Exercise description »
In the entries that follow, copy exactly each line from the first through the line with "(forall p, In p ps ->".

Records from a data source:
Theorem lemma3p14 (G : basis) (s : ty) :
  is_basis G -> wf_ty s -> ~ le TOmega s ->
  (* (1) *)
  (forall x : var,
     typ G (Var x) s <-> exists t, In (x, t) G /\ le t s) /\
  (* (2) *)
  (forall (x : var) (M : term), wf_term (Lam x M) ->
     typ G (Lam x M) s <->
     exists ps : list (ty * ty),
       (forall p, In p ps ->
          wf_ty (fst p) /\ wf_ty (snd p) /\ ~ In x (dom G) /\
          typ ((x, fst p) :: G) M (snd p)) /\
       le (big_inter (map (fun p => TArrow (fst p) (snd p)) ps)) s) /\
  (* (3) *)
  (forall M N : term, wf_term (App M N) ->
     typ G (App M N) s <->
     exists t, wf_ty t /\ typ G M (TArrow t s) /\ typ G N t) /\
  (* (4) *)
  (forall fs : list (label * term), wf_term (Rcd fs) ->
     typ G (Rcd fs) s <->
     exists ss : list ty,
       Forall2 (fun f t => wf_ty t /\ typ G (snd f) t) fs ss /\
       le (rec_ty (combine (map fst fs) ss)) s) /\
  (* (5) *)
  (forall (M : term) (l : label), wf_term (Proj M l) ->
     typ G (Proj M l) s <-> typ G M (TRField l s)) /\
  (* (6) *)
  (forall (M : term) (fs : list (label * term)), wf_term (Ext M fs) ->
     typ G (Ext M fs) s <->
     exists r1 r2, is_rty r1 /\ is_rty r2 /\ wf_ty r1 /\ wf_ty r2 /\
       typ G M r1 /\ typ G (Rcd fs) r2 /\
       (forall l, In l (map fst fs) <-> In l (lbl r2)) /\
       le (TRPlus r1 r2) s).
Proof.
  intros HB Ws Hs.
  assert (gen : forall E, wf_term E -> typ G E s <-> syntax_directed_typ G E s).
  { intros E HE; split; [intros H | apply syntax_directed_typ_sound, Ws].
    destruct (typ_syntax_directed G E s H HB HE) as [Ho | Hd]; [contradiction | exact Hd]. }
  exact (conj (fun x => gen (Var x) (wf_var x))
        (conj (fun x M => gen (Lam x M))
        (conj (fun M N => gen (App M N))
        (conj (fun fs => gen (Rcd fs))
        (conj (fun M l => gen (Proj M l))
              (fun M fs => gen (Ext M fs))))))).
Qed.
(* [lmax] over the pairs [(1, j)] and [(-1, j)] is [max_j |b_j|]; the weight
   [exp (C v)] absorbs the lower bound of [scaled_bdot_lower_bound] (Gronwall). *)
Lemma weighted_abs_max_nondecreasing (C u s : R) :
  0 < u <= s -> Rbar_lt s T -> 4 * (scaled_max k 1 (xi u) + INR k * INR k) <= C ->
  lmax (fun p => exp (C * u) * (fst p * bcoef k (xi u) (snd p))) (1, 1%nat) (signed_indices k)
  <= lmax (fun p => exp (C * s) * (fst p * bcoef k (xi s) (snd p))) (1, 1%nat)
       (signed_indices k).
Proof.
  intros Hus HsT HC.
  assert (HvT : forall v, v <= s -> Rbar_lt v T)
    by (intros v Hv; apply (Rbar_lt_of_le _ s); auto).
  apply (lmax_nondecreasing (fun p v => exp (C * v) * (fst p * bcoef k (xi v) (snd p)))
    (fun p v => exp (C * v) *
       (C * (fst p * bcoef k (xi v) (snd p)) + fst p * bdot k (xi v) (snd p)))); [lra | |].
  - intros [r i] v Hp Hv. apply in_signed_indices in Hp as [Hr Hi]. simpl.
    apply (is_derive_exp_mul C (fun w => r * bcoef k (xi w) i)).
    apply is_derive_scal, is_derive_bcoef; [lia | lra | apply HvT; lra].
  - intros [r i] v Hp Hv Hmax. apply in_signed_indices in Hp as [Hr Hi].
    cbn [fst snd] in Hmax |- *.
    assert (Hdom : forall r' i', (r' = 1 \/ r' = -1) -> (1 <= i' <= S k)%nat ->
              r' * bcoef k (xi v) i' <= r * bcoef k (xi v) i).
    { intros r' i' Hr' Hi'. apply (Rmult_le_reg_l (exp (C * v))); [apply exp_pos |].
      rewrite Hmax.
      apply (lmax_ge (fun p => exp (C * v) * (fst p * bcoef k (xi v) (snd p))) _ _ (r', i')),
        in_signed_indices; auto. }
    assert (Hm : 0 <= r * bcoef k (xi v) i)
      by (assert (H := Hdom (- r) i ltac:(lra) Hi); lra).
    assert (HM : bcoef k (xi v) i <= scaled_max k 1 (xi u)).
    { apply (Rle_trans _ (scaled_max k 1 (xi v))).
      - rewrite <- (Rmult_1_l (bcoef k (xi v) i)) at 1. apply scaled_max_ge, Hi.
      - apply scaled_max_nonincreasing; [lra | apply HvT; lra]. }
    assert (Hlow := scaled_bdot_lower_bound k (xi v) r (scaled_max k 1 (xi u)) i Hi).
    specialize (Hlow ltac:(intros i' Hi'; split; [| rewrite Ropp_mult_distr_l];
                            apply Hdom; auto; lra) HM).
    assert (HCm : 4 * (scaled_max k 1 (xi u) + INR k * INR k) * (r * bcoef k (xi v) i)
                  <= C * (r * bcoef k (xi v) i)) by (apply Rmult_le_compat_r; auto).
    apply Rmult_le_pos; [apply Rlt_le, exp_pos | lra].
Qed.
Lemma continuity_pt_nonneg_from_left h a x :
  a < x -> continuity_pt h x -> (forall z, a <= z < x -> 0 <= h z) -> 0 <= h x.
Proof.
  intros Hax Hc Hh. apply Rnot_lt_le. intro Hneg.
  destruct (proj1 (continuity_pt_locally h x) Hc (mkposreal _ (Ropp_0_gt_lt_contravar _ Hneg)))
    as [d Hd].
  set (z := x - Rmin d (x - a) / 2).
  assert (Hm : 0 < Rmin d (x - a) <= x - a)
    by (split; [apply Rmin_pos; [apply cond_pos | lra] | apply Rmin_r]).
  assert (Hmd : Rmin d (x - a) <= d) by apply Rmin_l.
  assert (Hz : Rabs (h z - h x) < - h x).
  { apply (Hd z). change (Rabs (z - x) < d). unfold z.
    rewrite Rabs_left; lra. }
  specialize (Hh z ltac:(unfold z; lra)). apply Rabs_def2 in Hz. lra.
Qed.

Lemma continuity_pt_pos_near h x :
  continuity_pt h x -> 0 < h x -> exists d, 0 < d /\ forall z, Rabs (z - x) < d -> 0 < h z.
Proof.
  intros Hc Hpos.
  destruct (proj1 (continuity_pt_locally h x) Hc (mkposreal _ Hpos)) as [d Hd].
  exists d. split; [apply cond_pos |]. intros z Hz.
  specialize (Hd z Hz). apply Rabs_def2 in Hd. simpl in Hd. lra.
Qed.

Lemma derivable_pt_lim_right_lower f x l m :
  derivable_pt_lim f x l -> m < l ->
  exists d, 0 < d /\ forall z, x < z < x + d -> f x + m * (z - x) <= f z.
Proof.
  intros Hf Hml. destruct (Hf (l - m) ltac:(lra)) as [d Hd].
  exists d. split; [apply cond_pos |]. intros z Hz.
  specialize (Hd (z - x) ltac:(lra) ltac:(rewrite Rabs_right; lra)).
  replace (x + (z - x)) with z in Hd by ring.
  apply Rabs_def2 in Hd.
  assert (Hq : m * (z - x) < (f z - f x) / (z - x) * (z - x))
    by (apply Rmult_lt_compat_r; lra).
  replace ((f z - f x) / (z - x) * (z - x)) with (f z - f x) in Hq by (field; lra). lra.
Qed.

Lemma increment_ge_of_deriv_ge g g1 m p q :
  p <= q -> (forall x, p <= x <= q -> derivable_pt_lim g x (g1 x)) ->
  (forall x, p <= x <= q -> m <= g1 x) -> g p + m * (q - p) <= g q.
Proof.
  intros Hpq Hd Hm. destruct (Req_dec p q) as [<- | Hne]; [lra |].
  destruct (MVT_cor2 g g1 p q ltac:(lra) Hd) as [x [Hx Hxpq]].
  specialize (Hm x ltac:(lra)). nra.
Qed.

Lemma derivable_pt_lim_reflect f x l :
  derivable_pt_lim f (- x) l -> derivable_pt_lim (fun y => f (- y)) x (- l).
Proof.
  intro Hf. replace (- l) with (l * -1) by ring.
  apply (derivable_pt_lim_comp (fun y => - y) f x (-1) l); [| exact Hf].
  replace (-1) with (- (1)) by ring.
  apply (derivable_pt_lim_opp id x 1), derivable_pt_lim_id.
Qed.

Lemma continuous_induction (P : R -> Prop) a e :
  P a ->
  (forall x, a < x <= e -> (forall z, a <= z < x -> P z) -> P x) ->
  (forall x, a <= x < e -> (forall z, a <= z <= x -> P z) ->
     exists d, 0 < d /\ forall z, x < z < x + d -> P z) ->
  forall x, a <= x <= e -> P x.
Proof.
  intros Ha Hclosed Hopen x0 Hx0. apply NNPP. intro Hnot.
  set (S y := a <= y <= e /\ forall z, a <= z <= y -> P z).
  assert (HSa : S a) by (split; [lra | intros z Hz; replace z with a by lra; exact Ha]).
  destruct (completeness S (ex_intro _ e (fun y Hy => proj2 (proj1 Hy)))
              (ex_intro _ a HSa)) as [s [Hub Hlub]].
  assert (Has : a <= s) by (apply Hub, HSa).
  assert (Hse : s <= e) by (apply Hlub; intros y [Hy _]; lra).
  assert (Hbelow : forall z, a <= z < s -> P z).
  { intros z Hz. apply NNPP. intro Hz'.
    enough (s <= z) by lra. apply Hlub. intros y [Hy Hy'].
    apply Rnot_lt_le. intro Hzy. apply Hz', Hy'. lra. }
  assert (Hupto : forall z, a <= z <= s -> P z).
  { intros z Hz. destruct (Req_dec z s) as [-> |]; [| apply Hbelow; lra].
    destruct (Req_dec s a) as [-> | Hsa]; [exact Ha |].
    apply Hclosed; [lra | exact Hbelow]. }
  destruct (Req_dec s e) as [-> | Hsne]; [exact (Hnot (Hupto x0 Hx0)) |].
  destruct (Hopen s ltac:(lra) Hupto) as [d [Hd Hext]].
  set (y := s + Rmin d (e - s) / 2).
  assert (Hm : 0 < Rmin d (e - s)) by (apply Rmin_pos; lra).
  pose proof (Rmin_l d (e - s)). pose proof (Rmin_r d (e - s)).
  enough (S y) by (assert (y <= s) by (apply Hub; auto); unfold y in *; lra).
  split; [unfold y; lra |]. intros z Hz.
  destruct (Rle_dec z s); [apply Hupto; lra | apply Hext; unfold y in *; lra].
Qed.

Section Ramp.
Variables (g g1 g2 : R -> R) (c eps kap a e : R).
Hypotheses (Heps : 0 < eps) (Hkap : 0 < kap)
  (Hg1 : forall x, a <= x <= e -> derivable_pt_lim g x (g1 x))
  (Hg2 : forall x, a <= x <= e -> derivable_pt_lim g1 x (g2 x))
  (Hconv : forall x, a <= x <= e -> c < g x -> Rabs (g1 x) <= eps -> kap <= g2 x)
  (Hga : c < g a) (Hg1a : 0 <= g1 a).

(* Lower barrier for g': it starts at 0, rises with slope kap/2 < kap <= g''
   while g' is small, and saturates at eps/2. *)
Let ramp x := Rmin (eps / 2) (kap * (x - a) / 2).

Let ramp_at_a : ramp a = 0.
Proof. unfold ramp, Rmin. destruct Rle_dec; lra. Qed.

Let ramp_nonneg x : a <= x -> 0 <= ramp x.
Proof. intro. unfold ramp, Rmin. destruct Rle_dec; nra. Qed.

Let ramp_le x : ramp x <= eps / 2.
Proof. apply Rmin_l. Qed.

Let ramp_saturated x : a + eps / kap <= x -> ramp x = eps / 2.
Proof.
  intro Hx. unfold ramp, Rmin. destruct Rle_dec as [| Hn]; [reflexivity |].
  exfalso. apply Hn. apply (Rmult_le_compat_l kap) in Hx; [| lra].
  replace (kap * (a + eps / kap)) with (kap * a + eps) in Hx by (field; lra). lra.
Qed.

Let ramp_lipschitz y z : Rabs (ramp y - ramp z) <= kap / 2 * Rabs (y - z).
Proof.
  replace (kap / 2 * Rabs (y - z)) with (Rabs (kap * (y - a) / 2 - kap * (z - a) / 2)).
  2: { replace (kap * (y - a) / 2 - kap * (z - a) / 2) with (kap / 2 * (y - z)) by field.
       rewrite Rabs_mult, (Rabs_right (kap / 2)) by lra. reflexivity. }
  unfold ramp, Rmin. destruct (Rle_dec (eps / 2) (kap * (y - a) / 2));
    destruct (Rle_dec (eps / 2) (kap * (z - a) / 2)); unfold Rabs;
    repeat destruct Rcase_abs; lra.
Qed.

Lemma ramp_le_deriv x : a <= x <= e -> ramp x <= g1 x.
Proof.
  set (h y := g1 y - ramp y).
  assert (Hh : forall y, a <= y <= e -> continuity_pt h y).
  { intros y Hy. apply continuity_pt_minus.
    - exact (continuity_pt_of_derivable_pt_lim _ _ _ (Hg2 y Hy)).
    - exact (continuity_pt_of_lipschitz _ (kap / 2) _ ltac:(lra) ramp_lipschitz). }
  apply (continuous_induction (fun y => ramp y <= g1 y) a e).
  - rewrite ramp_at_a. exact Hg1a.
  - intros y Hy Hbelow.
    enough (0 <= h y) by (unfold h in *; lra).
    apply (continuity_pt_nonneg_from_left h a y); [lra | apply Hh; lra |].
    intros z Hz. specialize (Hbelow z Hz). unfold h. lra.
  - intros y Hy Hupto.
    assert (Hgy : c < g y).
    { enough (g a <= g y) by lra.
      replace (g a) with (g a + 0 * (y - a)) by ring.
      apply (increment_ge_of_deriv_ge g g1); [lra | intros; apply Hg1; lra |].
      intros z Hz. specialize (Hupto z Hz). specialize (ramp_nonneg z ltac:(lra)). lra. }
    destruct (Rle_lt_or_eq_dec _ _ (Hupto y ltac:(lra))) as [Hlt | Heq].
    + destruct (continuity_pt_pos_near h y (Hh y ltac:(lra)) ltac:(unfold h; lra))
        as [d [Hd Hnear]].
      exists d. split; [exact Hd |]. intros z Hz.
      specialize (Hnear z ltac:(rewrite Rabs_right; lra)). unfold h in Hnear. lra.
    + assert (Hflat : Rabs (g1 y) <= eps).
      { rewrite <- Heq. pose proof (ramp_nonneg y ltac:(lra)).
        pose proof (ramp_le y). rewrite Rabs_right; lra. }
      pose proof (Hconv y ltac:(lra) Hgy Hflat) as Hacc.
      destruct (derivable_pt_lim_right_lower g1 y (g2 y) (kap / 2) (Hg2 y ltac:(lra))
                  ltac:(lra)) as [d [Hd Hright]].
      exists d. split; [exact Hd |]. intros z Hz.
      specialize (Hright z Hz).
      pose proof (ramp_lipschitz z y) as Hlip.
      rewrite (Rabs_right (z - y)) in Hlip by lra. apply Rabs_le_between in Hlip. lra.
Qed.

The completed task »
Theorem lemma3p14 (G : basis) (s : ty) :
  is_basis G -> wf_ty s -> ~ le TOmega s ->
  (* (1) *)
  (forall x : var,
     typ G (Var x) s <-> exists t, In (x, t) G /\ le t s) /\
  (* (2) *)
  (forall (x : var) (M : term), wf_term (Lam x M) ->
     typ G (Lam x M) s <->
     exists ps : list (ty * ty),
       (forall p, In p ps ->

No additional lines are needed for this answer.